— Stored items —
Section HessianBound.
Variables (q dq ddq : R -> R) (T : R).
Hypotheses (T_pos : 0 < T)
  (q_per : forall x, q (x + 2 * PI) = q x)
  (dq_per : forall x, dq (x + 2 * PI) = dq x)
  (q_deriv : forall x, derivable_pt_lim q x (dq x))
  (dq_deriv : forall x, derivable_pt_lim dq x (ddq x))
  (hess_bound : forall x r w1 w2 h, 0 < r -> (w1 <> 0 \/ w2 <> 0) ->
     hess_form q x r w1 w2 h -> T ^ 2 * Rabs h < PI ^ 2 * (w1 ^ 2 + w2 ^ 2)).

(* Along the ray through [e^{i th}], [Psi] is [s |-> 1/2 (1 + s)^2 q th]. *)
Lemma q_radial_bound (th : R) : T ^ 2 * Rabs (q th) < PI ^ 2.
Proof.
  assert (Hc := sin2_cos2 th). unfold Rsqr in Hc.
  assert (Hw : cos th <> 0 \/ sin th <> 0).
  { destruct (Req_dec (cos th) 0); [right|left]; auto. intro. nra. }
  assert (H := hess_bound th 1 (cos th) (sin th) (q th) Rlt_0_1 Hw).
  replace (PI ^ 2 * (cos th ^ 2 + sin th ^ 2)) with (PI ^ 2) in H by (simpl; nra).
  apply H. exists (fun s => (1 + s) * q th), 1. split; [lra|split].
  - intros s _.
    apply (derivable_pt_lim_ext (fun s => / 2 * (1 + s) ^ 2 * q th)).
    + intros y. rewrite <- (Psi_loc_ray q th (1 + y)). f_equal; ring.
    + apply is_derive_Reals. auto_derive; [auto|field].
  - apply is_derive_Reals. auto_derive; [auto|ring].
Qed.

Lemma q_lt_PI2 (th : R) : q th < PI ^ 2 / T ^ 2.
Proof.
  assert (HT2 : 0 < T ^ 2) by (apply pow_lt; lra).
  pose proof (q_radial_bound th). pose proof (Rle_abs (q th)).
  apply (Rmult_lt_reg_l (T ^ 2)); [lra|]. field_simplify; [|lra]. nra.
Qed.

Section Segment.
Variables (b Y1 Y2 e1 e2 : R).

Definition seg_u (s : R) : R := chart_u b (Y1 + s * e1) (Y2 + s * e2).
Definition seg_angle (s : R) : R := chart_angle b (Y1 + s * e1) (Y2 + s * e2).
Definition seg_Psi (s : R) : R := Psi_loc q b (Y1 + s * e1) (Y2 + s * e2).
Definition seg_dPsi (s : R) : R :=
  ((Y1 + s * e1) * e1 + (Y2 + s * e2) * e2) * q (seg_angle s)
  + / 2 * (Y1 * e2 - Y2 * e1) * dq (seg_angle s).

Lemma seg_angle_deriv s : 0 < seg_u s ->
  derivable_pt_lim seg_angle s
    ((Y1 * e2 - Y2 * e1) / ((Y1 + s * e1) ^ 2 + (Y2 + s * e2) ^ 2)).
Proof.
  unfold seg_u. intros Hu.
  rewrite <- (chart_u2_v2 b).
  assert (Hc := sin2_cos2 b). unfold Rsqr in Hc.
  replace (Y1 * e2 - Y2 * e1) with
    (chart_v b e1 e2 * chart_u b (Y1 + s * e1) (Y2 + s * e2)
     - chart_v b (Y1 + s * e1) (Y2 + s * e2) * chart_u b e1 e2).
  2:{ unfold chart_u, chart_v.
      replace (Y1 * e2 - Y2 * e1) with ((Y1 * e2 - Y2 * e1) * (sin b * sin b + cos b * cos b))
        by (rewrite Hc; ring).
      ring. }
  unfold seg_angle, chart_angle, chart_u, chart_v in *.
  apply is_derive_Reals. auto_derive; [lra|].
  field. split; [|lra].
  pose proof (pow2_ge_0 (- (Y1 + s * e1) * sin b + (Y2 + s * e2) * cos b)). simpl in *. nra.
Qed.

Lemma seg_Psi_deriv s : 0 < seg_u s -> derivable_pt_lim seg_Psi s (seg_dPsi s).
Proof.
  intros Hu. assert (Hn := chart_u_norm_pos _ _ _ Hu).
  assert (Ha := seg_angle_deriv s Hu). apply is_derive_Reals in Ha.
  apply is_derive_Reals.
  apply (is_derive_ext (fun s => / 2 * ((Y1 + s * e1) ^ 2 + (Y2 + s * e2) ^ 2)
                                  * q (seg_angle s))); [reflexivity|].
  auto_derive.
  - repeat split; auto; eexists; solve [exact Ha | apply is_derive_Reals, q_deriv].
  - replace (Derive (fun x : R => seg_angle x) s) with
      ((Y1 * e2 - Y2 * e1) / ((Y1 + s * e1) ^ 2 + (Y2 + s * e2) ^ 2))
      by (symmetry; apply is_derive_unique, Ha).
    replace (Derive (fun x : R => q x) (seg_angle s)) with (dq (seg_angle s))
      by (symmetry; apply is_derive_unique, is_derive_Reals, q_deriv).
    unfold seg_dPsi. field. lra.
Qed.

Lemma seg_dPsi_deriv s : 0 < seg_u s -> derivable_pt_lim seg_dPsi s (Derive seg_dPsi s).
Proof.
  intros Hu. assert (Ha := seg_angle_deriv s Hu). apply is_derive_Reals in Ha.
  apply is_derive_Reals, Derive_correct. unfold seg_dPsi.
  auto_derive. repeat split; eexists;
    solve [exact Ha | apply is_derive_Reals, q_deriv | apply is_derive_Reals, dq_deriv].
Qed.

(* At [y = Y + s e], written [r e^{ix}], the second derivative of [seg_Psi] is the
   Hessian form of [hess_form q x r e1 e2], computed in the chart [x] instead of [b]. *)
Lemma seg_hessian_bound s : 0 < seg_u s -> (e1 <> 0 \/ e2 <> 0) ->
  (exists d, 0 < d /\ forall sg, Rabs sg < d -> 0 < seg_u (s + sg)) ->
  T ^ 2 * Rabs (Derive seg_dPsi s) < PI ^ 2 * (e1 ^ 2 + e2 ^ 2).
Proof.
  intros Hu He [d [Hd Hdu]].
  destruct (chart_polar b (Y1 + s * e1) (Y2 + s * e2) Hu) as [P1 P2].
  set (r := sqrt ((Y1 + s * e1) ^ 2 + (Y2 + s * e2) ^ 2)) in *.
  set (x := chart_angle b (Y1 + s * e1) (Y2 + s * e2)) in *.
  assert (Hr : 0 < r) by (apply sqrt_lt_R0, (chart_u_norm_pos _ _ _ Hu)).
  apply (hess_bound x r e1 e2 _ Hr He).
  set (M := Rabs e1 + Rabs e2 + 1).
  assert (HM : 0 < M) by (unfold M; pose proof (Rabs_pos e1); pose proof (Rabs_pos e2); lra).
  exists (fun sg => seg_dPsi (s + sg)), (Rmin d (r / M)).
  split; [apply Rmin_pos; [lra|apply Rdiv_lt_0_compat; lra]|split].
  - intros sg0 Hsg0. apply is_derive_Reals.
    apply (is_derive_ext_loc (fun sg => seg_Psi (s + sg))).
    + eapply filter_imp; [|apply (locally_Rabs_lt sg0 _ Hsg0)].
      intros sg Hsg. simpl.
      assert (Hsgr : Rabs sg * M < r).
      { pose proof (Rmin_r d (r / M)).
        apply (Rmult_lt_reg_r (/ M)); [apply Rinv_0_lt_compat; lra|].
        field_simplify; lra. }
      unfold seg_Psi.
      replace (Y1 + (s + sg) * e1) with (r * cos x + sg * e1) by (rewrite <- P1; ring).
      replace (Y2 + (s + sg) * e2) with (r * sin x + sg * e2) by (rewrite <- P2; ring).
      apply Psi_loc_chart_indep; [exact q_per| |].
      * replace (r * cos x + sg * e1) with (Y1 + (s + sg) * e1) by (rewrite <- P1; ring).
        replace (r * sin x + sg * e2) with (Y2 + (s + sg) * e2) by (rewrite <- P2; ring).
        apply (Hdu sg). pose proof (Rmin_l d (r / M)). simpl in Hsg. lra.
      * exact (chart_u_pos_near_ray x r e1 e2 sg Hr Hsgr).
    + apply is_derive_Reals, derivable_pt_lim_shift, seg_Psi_deriv, Hdu.
      pose proof (Rmin_l d (r / M)). lra.
  - apply derivable_pt_lim_shift. rewrite Rplus_0_r. apply seg_dPsi_deriv, Hu.
Qed.

Lemma seg_taylor_bound : (e1 <> 0 \/ e2 <> 0) -> 0 < seg_u 0 -> 0 < seg_u 1 ->
  seg_Psi 1 - seg_Psi 0 - seg_dPsi 0 < PI ^ 2 / (2 * T ^ 2) * (e1 ^ 2 + e2 ^ 2).
Proof.
  intros He H0 H1.
  destruct (affine_pos_nbhd _ _ H0 H1) as [d [Hd Hpos]].
  assert (Hu : forall s, - d < s < 1 + d -> 0 < seg_u s).
  { intros s Hs. replace (seg_u s) with (seg_u 0 + s * (seg_u 1 - seg_u 0))
      by (unfold seg_u, chart_u; ring).
    apply Hpos, Hs. }
  set (K := PI ^ 2 * (e1 ^ 2 + e2 ^ 2) / T ^ 2).
  assert (HT2 : 0 < T ^ 2) by (apply pow_lt; lra).
  replace (PI ^ 2 / (2 * T ^ 2) * (e1 ^ 2 + e2 ^ 2)) with (K / 2) by (unfold K; field; lra).
  apply (taylor2_lt seg_Psi seg_dPsi (Derive seg_dPsi)).
  - intros s Hs. apply seg_Psi_deriv, Hu. lra.
  - intros s Hs. apply seg_dPsi_deriv, Hu. lra.
  - intros s Hs.
    assert (Hh : T ^ 2 * Rabs (Derive seg_dPsi s) < PI ^ 2 * (e1 ^ 2 + e2 ^ 2)).
    { apply seg_hessian_bound; [apply Hu; lra|exact He|].
      exists d. split; [lra|]. intros sg Hsg. apply Hu. apply Rabs_def2 in Hsg. lra. }
    pose proof (Rle_abs (Derive seg_dPsi s)).
    unfold K. apply (Rmult_lt_reg_l (T ^ 2)); [lra|].
    field_simplify; [|lra]. nra.
Qed.

End Segment.

Lemma Psi_loc_ray_chart (b l a : R) : 0 < l -> 0 < chart_u b (l * cos a) (l * sin a) ->
  Psi_loc q b (l * cos a) (l * sin a) = / 2 * l ^ 2 * q a.
Proof.
  intros Hl Hb. rewrite <- (Psi_loc_chart_indep q q_per a b) by (auto; apply chart_u_ray, Hl).
  apply Psi_loc_ray.
Qed.

(* The segment from [l e^{i ph}] to [l0 e^{i ph0}] with [|ph0 - ph| < PI] stays in
   the chart centred at the bisecting angle [b]. *)
Lemma Psi_defect_lt_chart (l l0 ph th : R) : 0 < l -> 0 < l0 -> - PI < th < PI ->
  polar_dist2 l ph l0 (ph + th) <> 0 ->
  Psi_defect q dq l ph l0 (ph + th)
    < PI ^ 2 / (2 * T ^ 2) * polar_dist2 l ph l0 (ph + th).
Proof.
  intros Hl Hl0 Hth HH. set (ph0 := ph + th). set (b := ph + th / 2).
  set (e1 := l0 * cos ph0 - l * cos ph). set (e2 := l0 * sin ph0 - l * sin ph).
  assert (He : e1 <> 0 \/ e2 <> 0).
  { destruct (Req_dec e1 0) as [E|E]; [right|left; auto].
    intro E'. apply HH. change (e1 ^ 2 + e2 ^ 2 = 0). rewrite E, E'. ring. }
  assert (Hcb : 0 < cos (th / 2)) by (apply cos_gt_0; lra).
  assert (Hu0 : 0 < chart_u b (l * cos ph) (l * sin ph)).
  { rewrite chart_u_polar. replace (ph - b) with (- (th / 2)) by (unfold b; field).
    rewrite cos_neg. nra. }
  assert (Hu1 : 0 < chart_u b (l0 * cos ph0) (l0 * sin ph0)).
  { rewrite chart_u_polar. replace (ph0 - b) with (th / 2) by (unfold ph0, b; field). nra. }
  assert (E0 : forall y z, y + 0 * z = y) by (intros; ring).
  assert (E1 : forall y z, y + 1 * z = y + z) by (intros; ring).
  assert (Y1e : l * cos ph + e1 = l0 * cos ph0) by (unfold e1; ring).
  assert (Y2e : l * sin ph + e2 = l0 * sin ph0) by (unfold e2; ring).
  pose proof (seg_taylor_bound b (l * cos ph) (l * sin ph) e1 e2 He) as G.
  unfold seg_u, seg_Psi, seg_dPsi, seg_angle in G. rewrite !E0, !E1, Y1e, Y2e in G.
  specialize (G Hu0 Hu1).
  rewrite (Psi_loc_ray_chart b l ph), (Psi_loc_ray_chart b l0 ph0) in G by assumption.
  destruct (chart_angle_indep b ph _ _ Hu0 (chart_u_ray l ph Hl)) as [k Hk].
  rewrite Hk, chart_angle_ray, (periodic_2PI_Z q q_per), (periodic_2PI_Z dq dq_per) in G.
  exact G.
Qed.

(* Through the origin the defect only involves radial second derivatives. *)
Lemma Psi_defect_lt_antipodal (l l0 ph : R) : 0 < l -> 0 < l0 ->
  Psi_defect q dq l ph l0 (ph + - PI)
    < PI ^ 2 / (2 * T ^ 2) * polar_dist2 l ph l0 (ph + - PI).
Proof.
  intros Hl Hl0.
  assert (HT2 : 0 < T ^ 2) by (apply pow_lt; lra).
  assert (Q0 := q_lt_PI2 (ph + - PI)). assert (Q := q_lt_PI2 ph).
  set (A := PI ^ 2 / T ^ 2) in *.
  replace (PI ^ 2 / (2 * T ^ 2)) with (A / 2) by (unfold A; field; lra).
  unfold Psi_defect, polar_dist2.
  replace (ph + - PI) with (ph - PI) in * by ring.
  rewrite cos_minus, sin_minus, cos_PI, sin_PI.
  assert (Hc := sin2_cos2 ph). unfold Rsqr in Hc.
  replace (l * cos ph * (l0 * (cos ph * -1 + sin ph * 0) - l * cos ph) +
    l * sin ph * (l0 * (sin ph * -1 - cos ph * 0) - l * sin ph))
    with (- (l * (l0 + l)) * (sin ph * sin ph + cos ph * cos ph)) by ring.
  replace (l * cos ph * (l0 * (sin ph * -1 - cos ph * 0) - l * sin ph) -
    l * sin ph * (l0 * (cos ph * -1 + sin ph * 0) - l * cos ph)) with 0 by ring.
  replace ((l0 * (cos ph * -1 + sin ph * 0) - l * cos ph) ^ 2 +
    (l0 * (sin ph * -1 - cos ph * 0) - l * sin ph) ^ 2)
    with ((l0 + l) ^ 2 * (sin ph * sin ph + cos ph * cos ph)) by ring.
  rewrite Hc.
  assert (0 < l0 ^ 2 * (A - q (ph - PI))) by (apply Rmult_lt_0_compat; [apply pow_lt|]; lra).
  assert (0 < (l ^ 2 + 2 * l * l0) * (A - q ph)) by (apply Rmult_lt_0_compat; nra).
  nra.
Qed.

Lemma Psi_defect_lt (l l0 ph ph0 : R) : 0 < l -> 0 < l0 ->
  polar_dist2 l ph l0 ph0 <> 0 ->
  Psi_defect q dq l ph l0 ph0 < PI ^ 2 / (2 * T ^ 2) * polar_dist2 l ph l0 ph0.
Proof.
  intros Hl Hl0 HH.
  destruct (angle_reduce ph ph0) as [k [th [Hth ->]]].
  rewrite Psi_defect_shift, polar_dist2_shift in * by exact q_per.
  destruct (Req_dec th (- PI)) as [->|Hpi].
  - apply Psi_defect_lt_antipodal; assumption.
  - apply Psi_defect_lt_chart; auto. lra.
Qed.

End HessianBound.

(** * The calibration identity *)

(** In the plane, [Y = l e^{i f}] and [Y0 = l0 e^{i f0}] are the two curves, [V = Y_t],
    [A = Y_tt], [U = Y0_t] and [E = Y0 - Y]; [a] is a scalar weight. *)
Definition bdry_term (l lt f ft l0 f0 a : R) : R :=
  let Y1 := l * cos f in let Y2 := l * sin f in
  let V1 := lt * cos f - l * ft * sin f in let V2 := lt * sin f + l * ft * cos f in
  let E1 := l0 * cos f0 - Y1 in let E2 := l0 * sin f0 - Y2 in
  V1 * E1 + V2 * E2 + / 2 * a * (E1 ^ 2 + E2 ^ 2).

— Task objective —
In the data above, find the line containing "[A = Y_tt], [U", then copy it and every later line exactly.

— Solution —
    [A = Y_tt], [U = Y0_t] and [E = Y0 - Y]; [a] is a scalar weight. *)
Definition bdry_term (l lt f ft l0 f0 a : R) : R :=
  let Y1 := l * cos f in let Y2 := l * sin f in
  let V1 := lt * cos f - l * ft * sin f in let V2 := lt * sin f + l * ft * cos f in
  let E1 := l0 * cos f0 - Y1 in let E2 := l0 * sin f0 - Y2 in
  V1 * E1 + V2 * E2 + / 2 * a * (E1 ^ 2 + E2 ^ 2).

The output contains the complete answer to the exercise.